◆ TASK ◆
Provide again, from the entries below, every line from the one containing "replace (0 + b * 1) with b in H by ring." through the one containing "intros c. pose", exactly as written, and no other line.

◆ DATA FOR ANALYSIS ◆
***
(* Let $d\ge 1$ and let $p(x,y)$ be a nonzero real binary form of degree $d$ having exactly $\tau$ real linear factors, counted with multiplicity. Suppose $$p(x,y)=\sum_{k=1}^r \lambda_k(\cos\theta_k\, x-\sin\theta_k\, y)^d,$$ where $r\ge 2$, $-\tfrac{\pi}{2}<\theta_1<\theta_2<\dots<\theta_r\le\tfrac{\pi}{2}$, and all $\lambda_k$ are nonzero real numbers. Let $\sigma$ be the number of sign changes in the sequence $(\lambda_1,\lambda_2,\dots,\lambda_r,(-1)^d\lambda_1)$. Then $\tau\le\sigma$. *)

From Stdlib Require Import Reals Lra List.
Open Scope R_scope.

Definition binform (d : nat) (a : nat -> R) (x y : R) : R :=
  sum_f_R0 (fun i => a i * x ^ i * y ^ (d - i)) d.

Definition binform_nonzero (d : nat) (a : nat -> R) : Prop :=
  exists i, (i <= d)%nat /\ a i <> 0.

Fixpoint prod_lin (m : nat) (u v : nat -> R) (x y : R) : R :=
  match m with
  | O => 1
  | S k => prod_lin k u v x y * (u k * x + v k * y)
  end.

Definition has_real_linear_factors (d : nat) (a : nat -> R) (m : nat) : Prop :=
  (m <= d)%nat /\
  exists (u v b : nat -> R),
    (forall i, (i < m)%nat -> u i <> 0 \/ v i <> 0) /\
    forall x y, binform d a x y = prod_lin m u v x y * binform (d - m) b x y.

Definition num_real_linear_factors (d : nat) (a : nat -> R) (tau : nat) : Prop :=
  has_real_linear_factors d a tau /\
  forall m, has_real_linear_factors d a m -> (m <= tau)%nat.

Fixpoint sign_changes_aux (l : list R) : nat :=
  match l with
  | a :: ((b :: _) as t) =>
      ((if Rlt_dec (a * b) 0 then 1 else 0) + sign_changes_aux t)%nat
  | _ => O
  end.

Definition sign_changes (l : list R) : nat :=
  sign_changes_aux (filter (fun z => if Req_EM_T z 0 then false else true) l).

(* Each real linear factor contributes one unit of multiplicity to a real
   projective zero of p, so it suffices to bound the total multiplicity of a
   list of distinct zeros by sigma.  This is done by induction on r:
   - if d = 0 or sigma = 0, p has no nontrivial zero (it is a nonzero
     constant, resp. a definite form of even degree);
   - for r = 2 the zeros are simple and determined by the d-th power of the
     ratio of the two linear forms, so there are at most sigma of them;
   - otherwise some term la_k adjacent to a sign change has a nonvanishing
     "killing" derivative D_k p along (sin th_k, cos th_k).  D_k p is a sum of
     r - 1 powers with at least one sign change fewer, and by Rolle's theorem
     it keeps all the zeros of p up to one unit of total multiplicity. *)

From Stdlib Require Import Reals Lra Lia List Classical.
Open Scope R_scope.

(** * Calculus along lines *)

Lemma derivable_pt_lim_affine a b x : derivable_pt_lim (fun s => a + s * b) x b.
Proof.
  assert (H : derivable_pt_lim ((fun _ => a) + mult_real_fct b id)%F x (0 + b * 1)).
  { apply derivable_pt_lim_plus; [apply derivable_pt_lim_const|].
    apply derivable_pt_lim_scal, derivable_pt_lim_id. }
  replace (0 + b * 1) with b in H by ring.
  apply (derivable_pt_lim_ext _ (fun s => a + s * b) x b) in H; [exact H|].
  intros s; unfold plus_fct, mult_real_fct, id; ring.
Qed.

Lemma derivable_pt_lim_pow_comp (f : R -> R) x l n :
  derivable_pt_lim f x l ->
  derivable_pt_lim (fun s => f s ^ n) x (INR n * f x ^ pred n * l).
Proof.
  intros H. apply derivable_pt_lim_ext with (f := comp (fun y => y ^ n) f); [reflexivity|].
  apply derivable_pt_lim_comp; [exact H|apply derivable_pt_lim_pow].
Qed.

Definition dir_deriv (F G : R -> R -> R) (al be : R) : Prop :=
  forall x y s, derivable_pt_lim (fun s => F (x + s * al) (y + s * be)) s
                                  (G (x + s * al) (y + s * be)).

Lemma dir_deriv_at0 F G al be : dir_deriv F G al be -> forall x y,
  derivable_pt_lim (fun s => F (x + s * al) (y + s * be)) 0 (G x y).
Proof.
  intros H x y. pose proof (H x y 0) as D.
  replace (x + 0 * al) with x in D by ring. replace (y + 0 * be) with y in D by ring. exact D.
Qed.

Lemma const_along_line F G al be : dir_deriv F G al be -> (forall x y, G x y = 0) ->
  forall x y s, F (x + s * al) (y + s * be) = F x y.
Proof.
  intros HD HG x y s.
  set (g := fun s => F (x + s * al) (y + s * be)).
  assert (Hg : forall c, derivable_pt_lim g c 0).
  { intros c. pose proof (HD x y c) as D. rewrite HG in D. exact D. }
  assert (E0 : g 0 = F x y) by (unfold g; f_equal; ring).
  change (g s = F x y). rewrite <- E0.
  destruct (Rtotal_order 0 s) as [Hs|[Hs|Hs]].
  - destruct (MVT_cor2 g (fun _ => 0) 0 s Hs) as [c [Hc _]]; [intros; apply Hg|lra].
  - subst; reflexivity.
  - destruct (MVT_cor2 g (fun _ => 0) s 0 Hs) as [c [Hc _]]; [intros; apply Hg|lra].
Qed.

Lemma zero_of_two_dir_derivs F G1 G2 a1 b1 a2 b2 :
  dir_deriv F G1 a1 b1 -> dir_deriv F G2 a2 b2 ->
  (forall x y, G1 x y = 0) -> (forall x y, G2 x y = 0) -> a1 * b2 - b1 * a2 <> 0 ->
  F 0 0 = 0 -> forall x y, F x y = 0.
Proof.
  intros H1 H2 Z1 Z2 D F0 x y.
  set (s := (x * b2 - y * a2) / (a1 * b2 - b1 * a2)).
  set (t := (y * a1 - x * b1) / (a1 * b2 - b1 * a2)).
  replace x with ((0 + t * a2) + s * a1) by (unfold s, t; field; auto).
  replace y with ((0 + t * b2) + s * b1) by (unfold s, t; field; auto).
  rewrite (const_along_line F G1 a1 b1 H1 Z1), (const_along_line F G2 a2 b2 H2 Z2).
  exact F0.
Qed.

Lemma zero_at_from_punctured (g : R -> R) a l : derivable_pt_lim g a l ->
  (forall s, s <> a -> g s = 0) -> g a = 0.
Proof.
  intros D Z. destruct (Req_dec (g a) 0) as [E|E]; auto. exfalso.
  assert (C : continuity_pt g a) by apply (derivable_continuous_pt g a (exist _ l D)).
  destruct (C (Rabs (g a)) ltac:(apply Rabs_pos_lt; auto)) as [alp [Halp Hc]].
  specialize (Hc (a + alp / 2)). simpl in Hc. unfold R_dist in Hc.
  rewrite Z in Hc by lra.
  assert (Rabs (0 - g a) < Rabs (g a)).
  { apply Hc. split; [split; [exact I|lra]|].
    replace (a + alp / 2 - a) with (alp / 2) by ring. rewrite Rabs_right; lra. }
  rewrite Rabs_minus_sym, Rminus_0_r in H. lra.
Qed.

(** * Binary forms as functions *)

Definition is_form (n : nat) (F : R -> R -> R) : Prop :=
  exists c, forall x y, F x y = binform n c x y.

Lemma is_form_ext n F G : (forall x y, F x y = G x y) -> is_form n F -> is_form n G.
Proof. intros H [c Hc]. exists c. intros; rewrite <- H; auto. Qed.

Lemma binform_S n c x y :
  binform (S n) c x y = c (S n) * x ^ S n + y * binform n c x y.
Proof.
  unfold binform. rewrite tech5, Nat.sub_diag, scal_sum, Rplus_comm. f_equal.
  - simpl; ring.
  - apply sum_eq. intros i Hi. rewrite Nat.sub_succ_l by lia. simpl. ring.
Qed.

Lemma binform_0 c x y : binform 0 c x y = c 0%nat.
Proof. unfold binform. simpl. ring. Qed.

Lemma is_form0_iff F : is_form 0 F <-> exists c, forall x y, F x y = c.
Proof.
  split.
  - intros [c Hc]. exists (c 0%nat). intros; rewrite Hc, binform_0; auto.
  - intros [c Hc]. exists (fun _ => c). intros; rewrite Hc, binform_0; auto.
Qed.

Lemma is_form_S_inv n F : is_form (S n) F ->
  exists c G, is_form n G /\ forall x y, F x y = c * x ^ S n + y * G x y.
Proof.
  intros [c Hc]. exists (c (S n)), (binform n c). split.
  - exists c; auto.
  - intros; rewrite Hc, binform_S; auto.
Qed.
***
◆ ANSWER AREA ◆
  replace (0 + b * 1) with b in H by ring.
  apply (derivable_pt_lim_ext _ (fun s => a + s * b) x b) in H; [exact H|].
  intros s; unfold plus_fct, mult_real_fct, id; ring.
Qed.

Lemma derivable_pt_lim_pow_comp (f : R -> R) x l n :
  derivable_pt_lim f x l ->
  derivable_pt_lim (fun s => f s ^ n) x (INR n * f x ^ pred n * l).
Proof.
  intros H. apply derivable_pt_lim_ext with (f := comp (fun y => y ^ n) f); [reflexivity|].
  apply derivable_pt_lim_comp; [exact H|apply derivable_pt_lim_pow].
Qed.

Definition dir_deriv (F G : R -> R -> R) (al be : R) : Prop :=
  forall x y s, derivable_pt_lim (fun s => F (x + s * al) (y + s * be)) s
                                  (G (x + s * al) (y + s * be)).

Lemma dir_deriv_at0 F G al be : dir_deriv F G al be -> forall x y,
  derivable_pt_lim (fun s => F (x + s * al) (y + s * be)) 0 (G x y).
Proof.
  intros H x y. pose proof (H x y 0) as D.
  replace (x + 0 * al) with x in D by ring. replace (y + 0 * be) with y in D by ring. exact D.
Qed.

Lemma const_along_line F G al be : dir_deriv F G al be -> (forall x y, G x y = 0) ->
  forall x y s, F (x + s * al) (y + s * be) = F x y.
Proof.
  intros HD HG x y s.
  set (g := fun s => F (x + s * al) (y + s * be)).
  assert (Hg : forall c, derivable_pt_lim g c 0).
  { intros c. pose proof (HD x y c) as D. rewrite HG in D. exact D. }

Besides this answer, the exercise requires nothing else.